*Exercise prompt*
Below is some data. Retype exactly the lines starting at the one with "t => t * f s t)" and ending at the one with "bipoly_add | intros; ring].".

(Beginning of Material for the task)

Lemma edge_dof0_normal_free p s u v w : (1 <= p)%nat -> is_polySym p s -> dist2 u v <> 0 ->
  vertex_dof0 s u -> vertex_dof0 s v -> edge_dof0 p s u v w -> normal_free_on_edge s u v w.
Proof.
  intros Hp Hs Hd Vu Vv He t0 _.
  set (n := onormal u v w).
  destruct (sigma_n_seg_poly p s n u v Hs) as [P1 P2].
  assert (Z0 : sigma_n s n (seg u v 0) = (0, 0)) by (rewrite seg_0; now apply sigma_n_vertex).
  assert (Z1 : sigma_n s n (seg u v 1) = (0, 0)) by (rewrite seg_1; now apply sigma_n_vertex).
  pose proof (edge_dof0_orthogonal p s u v w Hd He) as Horth.
  apply injective_projections; simpl.
  - apply (poly_le_vanishing_ends_orthogonal_eq0 p _ Hp P1);
      [now rewrite Z0 | now rewrite Z1 | intros r Hr; apply (proj1 (Horth r Hr))].
  - apply (poly_le_vanishing_ends_orthogonal_eq0 p _ Hp P2);
      [now rewrite Z0 | now rewrite Z1 | intros r Hr; apply (proj2 (Horth r Hr))].
Qed.

Inductive bipoly : (R -> R -> R) -> Prop :=
| bipoly_const c : bipoly (fun _ _ => c)
| bipoly_add f g : bipoly f -> bipoly g -> bipoly (fun s t => f s t + g s t)
| bipoly_mulS f : bipoly f -> bipoly (fun s t => s * f s t)
| bipoly_mulT f : bipoly f -> bipoly (fun s t => t * f s t)
| bipoly_ext f g : bipoly f -> (forall s t, f s t = g s t) -> bipoly g.

Lemma bipoly_scal k f : bipoly f -> bipoly (fun s t => k * f s t).
Proof.
  induction 1.
  - apply bipoly_const.
  - apply bipoly_ext with (fun s t => k * f s t + k * g s t); [now apply bipoly_add | intros; ring].
  - apply bipoly_ext with (fun s t => s * (k * f s t)); [now apply bipoly_mulS | intros; ring].
  - apply bipoly_ext with (fun s t => t * (k * f s t)); [now apply bipoly_mulT | intros; ring].
  - apply bipoly_ext with (fun s t => k * f s t); [assumption | intros; now rewrite H0].
Qed.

(End of Material for the task)

*Your solution*
| bipoly_mulT f : bipoly f -> bipoly (fun s t => t * f s t)
| bipoly_ext f g : bipoly f -> (forall s t, f s t = g s t) -> bipoly g.

Lemma bipoly_scal k f : bipoly f -> bipoly (fun s t => k * f s t).
Proof.
  induction 1.
  - apply bipoly_const.
  - apply bipoly_ext with (fun s t => k * f s t + k * g s t); [now apply bipoly_add | intros; ring].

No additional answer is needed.